Net investment gains and losses are reported in Net income (loss) as follows:

Major Category of Assets and Liabilities
Consolidated Condensed Statements of Operations Line Items
Fixed maturity securities available-for-sale
Investment gains (losses)
Fixed maturity securities trading
Net investment income
Equity securities
Investment gains (losses) and Net investment income
Other invested assets
Investment gains (losses) and Net investment income
Derivative financial instruments held in a trading portfolio
Net investment income
Derivative financial instruments, other
Investment gains (losses) and Operating revenues and other


Securities may be transferred in or out of levels within the fair value hierarchy based on the availability of observable market information and quoted prices used to determine the fair value of the security. The availability of observable market information and quoted prices varies based on market conditions and trading volume.

Valuation Methodologies and Inputs


The following section describes the valuation methodologies and relevant inputs used to measure different financial instruments at fair value, including an indication of the level in the fair value hierarchy in which the instruments are generally classified.

Fixed Maturity Securities


Level 1 securities include highly liquid government securities and exchange traded bonds valued using quoted market prices.
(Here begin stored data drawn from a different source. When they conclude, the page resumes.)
(* Let $Q$ be a quiver with a contravariant involution $\sigma$. The category $\mathsf{Rep}_{\mathbb{F}_1}(Q)$, with the duality $(P,\Theta)$ described below, is combinatorial, has the finite direct decomposition property and satisfies the Reduction Assumption.
   Context: $\mathsf{Vect}_{\mathbb{F}_1}$: objects are finite pointed sets (basepoint $*$); morphisms are basepoint preserving maps $f:V\to W$ whose restriction to $V\setminus f^{-1}( * )$ is injective. Inflations are injective morphisms, deflations are surjective morphisms for which the preimage of each non-basepoint is a singleton; zero object $\{*\}$. The cokernel $V/U$ of $U\rightarrowtail V$ collapses $U$ to $*$. Coproduct $V\oplus V'$ is the wedge (disjoint union with basepoints identified). Duality $V^\vee=\mathrm{Hom}(V,\{*,1\})$, identified with $V$ via $v\mapsto\delta_v$, so $(-)^\vee$ squares to the identity. $\mathsf{Rep}_{\mathbb{F}_1}(Q)$: representations $(U=\bigoplus_{i\in Q_0}U_i,\{u_\alpha\}_{\alpha\in Q_1})$ with $U_i\in\mathsf{Vect}_{\mathbb{F}_1}$, finitely many non-zero, and morphisms $u_\alpha:U_i\to U_j$ for $\alpha:i\to j$; inflations, deflations, coproducts are defined pointwise in $Q_0$. A contravariant involution $\sigma$ consists of involutions of $Q_0$ and $Q_1$ with $\sigma(\alpha):\sigma(j)\to\sigma(i)$ for $\alpha:i\to j$. Duality: $P(U)_i=U^\vee_{\sigma(i)}$, $P(u)_\alpha=u^\vee_{\sigma(\alpha)}$, $P(\{\phi_i\})=\{\phi^\vee_{\sigma(i)}\}$, $\Theta=\mathrm{id}$. A symmetric form is $(N,\psi_N)$ with $\psi_N:N\to P(N)$ an isomorphism and $P(\psi_N)\Theta_N=\psi_N$; isometries preserve $\psi$. For an inflation $j:U\rightarrowtail N$, $U^\perp$ is a kernel of $P(j)\psi_N$; $j$ is isotropic if $P(j)\psi_Nj=0$ and $U\to U^\perp$ is an inflation. Combinatorial: each inflation $j:U\rightarrowtail X_1\oplus X_2$ equals $(j_1\oplus j_2)\circ f$ for inflations $j_k:U_k\rightarrowtail X_k$ and an isomorphism $f:U\to U_1\oplus U_2$. Finite direct decomposition property: each object $W$ admits only finitely many decompositions $U\oplus V\simeq W$ up to isomorphism. Reduction Assumption: for each isotropic $U\rightarrowtail N$ with $k:U^\perp\rightarrowtail N$ and $\pi:U^\perp\twoheadrightarrow U^\perp/U=:N/\!\!/U$, there is a symmetric form $\psi_{N/\!\!/U}$, unique up to isometry, with $P(k)\psi_Nk=P(\pi)\psi_{N/\!\!/U}\pi$. *)

From mathcomp Require Import all_boot.
Set Implicit Arguments. Unset Strict Implicit. Unset Printing Implicit Defensive.

(* A finite pointed set (object of Vect_F1) with basepoint * is modelled as  *)
(* [option A] for a finType A (None = basepoint).  A basepoint-preserving map        *)
(* option A -> option B is the same as a map f : A -> option B; it is a      *)
(* morphism of Vect_F1 iff it is injective off f^-1(basepoint).                      *)
(* A representation U = (+)_{i in Q0} U_i is modelled by the wedge of the    *)
(* U_i : one finite type rT of non-basepoint elements graded by deg : rT->Q0 *)
(* (U_i = elements of degree i, so only finitely many U_i are non-zero),     *)
(* together with the maps u_alpha, extended by basepoint outside U_{source alpha}.   *)

Record quiver := Quiver {
  Q0 : Type; Q1 : Type; qsrc : Q1 -> Q0; qtgt : Q1 -> Q0 }.

Record cinvol (Q : quiver) := CInvol {
  s0 : Q0 Q -> Q0 Q;
  s1 : Q1 Q -> Q1 Q;
  s0K : involutive s0;
  s1K : involutive s1;
  src_s1 : forall a, qsrc (s1 a) = s0 (qtgt a);
  tgt_s1 : forall a, qtgt (s1 a) = s0 (qsrc a) }.

Record rep (Q : quiver) := Rep {
  rT :> finType;
  deg : rT -> Q0 Q;
  arr : Q1 Q -> rT -> option rT;
  arr_deg : forall a x y, arr a x = Some y -> deg x = qsrc a /\ deg y = qtgt a;
  arr_inj : forall a x x' y, arr a x = Some y -> arr a x' = Some y -> x = x' }.

Arguments arr {Q} r a x : rename.
Arguments deg {Q r} x : rename.

Section Rep.
Variable Q : quiver.
Implicit Types U V W : rep Q.

Definition comp (A B C : Type) (g : B -> option C) (f : A -> option B) : A -> option C :=
  fun x => obind g (f x).

Definition zero_mor (A B : Type) : A -> option B := fun _ => None.
Arguments zero_mor {A B} _.

Definition is_morph U V (f : U -> option V) : Prop :=
  [/\ forall x y, f x = Some y -> deg y = deg x,
      forall x x' y, f x = Some y -> f x' = Some y -> x = x' &
      forall a x, comp f (arr U a) x = comp (arr V a) f x].

(* inflations: (pointwise) injective morphisms of pointed sets *)
Definition inflation U V (f : U -> option V) : Prop :=
  is_morph f /\ forall x, exists y, f x = Some y.

Definition deflation U V (f : U -> option V) : Prop :=
  is_morph f /\ forall y, exists! x, f x = Some y.

Definition is_iso U V (f : U -> option V) : Prop :=
  is_morph f /\ exists g : V -> option U,
    [/\ is_morph g, forall x, comp g f x = Some x & forall y, comp f g y = Some y].

Definition isomorphic U V : Prop := exists f : U -> option V, is_iso f.

Definition sum_arr U V (a : Q1 Q) (z : (U + V)%type) : option (U + V)%type :=
  match z with
  | inl x => omap inl (arr U a x)
  | inr y => omap inr (arr V a y)
  end.

Definition sum_deg U V (z : (U + V)%type) : Q0 Q :=
  match z with inl x => deg x | inr y => deg y end.

Lemma sum_arr_deg U V a x y : sum_arr a x = Some y ->
  @sum_deg U V x = qsrc a /\ sum_deg y = qtgt a.
Proof.
case: x => [x|x] /=; case E: (arr _ a x) => [z|] //= [<-] /=;
  exact: arr_deg E.
Qed.

Lemma sum_arr_inj U V a x x' y :
  @sum_arr U V a x = Some y -> sum_arr a x' = Some y -> x = x'.
Proof.
case: x => [x|x]; case: x' => [x'|x'] /=;
  case E: (arr _ a x) => [z|] //=; case E': (arr _ a x') => [z'|] //= <- [] //;
  move=> Hz; subst; by rewrite (arr_inj E E').
Qed.

Definition dsum U V : rep Q :=
  @Rep Q (U + V)%type (@sum_deg U V) (@sum_arr U V)
       (@sum_arr_deg U V) (@sum_arr_inj U V).

Definition sum_mor U U' V V' (f : U -> option V) (g : U' -> option V')
  : dsum U U' -> option (dsum V V') :=
  fun z => match z with inl x => omap inl (f x) | inr y => omap inr (g y) end.

Definition is_kernel (K N M : rep Q) (k : K -> option N) (f : N -> option M) : Prop :=
  [/\ is_morph k, comp f k =1 @zero_mor _ M &
      forall (T : rep Q) (g : T -> option N), is_morph g ->
        comp f g =1 @zero_mor _ M ->
        exists h : T -> option K, [/\ is_morph h, comp k h =1 g &
           forall h' : T -> option K, is_morph h' -> comp k h' =1 g -> h' =1 h]].

Definition is_cokernel (N C M : rep Q) (p : N -> option C) (f : M -> option N) : Prop :=
  [/\ is_morph p, comp p f =1 @zero_mor _ C &
      forall (T : rep Q) (g : N -> option T), is_morph g ->
        comp g f =1 @zero_mor _ T ->
        exists h : C -> option T, [/\ is_morph h, comp h p =1 g &
           forall h' : C -> option T, is_morph h' -> comp h' p =1 g -> h' =1 h]].

Definition combinatorial : Prop :=
  forall U X1 X2 (j : U -> option (dsum X1 X2)), inflation j ->
    exists (U1 U2 : rep Q) (j1 : U1 -> option X1) (j2 : U2 -> option X2)
           (f : U -> option (dsum U1 U2)),
      [/\ inflation j1, inflation j2, is_iso f & j =1 comp (sum_mor j1 j2) f].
Level 2 securities include most other fixed maturity securities as the significant inputs are observable in the marketplace. All classes of Level 2 fixed maturity securities are valued using a methodology based on information generated by market transactions involving identical or comparable assets, a discounted cash flow methodology or a combination of both when necessary. Common inputs for all classes of fixed maturity securities include prices from recently executed transactions of similar securities, marketplace quotes, benchmark yields, spreads off benchmark yields, interest rates and U.S. Treasury or swap curves. Specifically for asset-backed securities, key inputs include prepayment and default projections based on past performance of the underlying collateral and current market data. Fixed maturity securities are primarily assigned to Level 3 in cases where broker/dealer quotes are significant inputs to the valuation, and there is a lack of transparency as to whether these quotes are based on information that is observable in the marketplace. Level 3 securities also include private placement debt securities whose fair value is determined using internal models with some inputs that are not market observable.

Equity Securities


Level 1 securities include publicly traded securities valued using quoted market prices. Level 2 securities are primarily valued using pricing for similar securities, recently executed transactions and other pricing models utilizing market observable inputs. Level 3 securities are primarily priced using broker/dealer quotes and internal models with some inputs that are not market observable.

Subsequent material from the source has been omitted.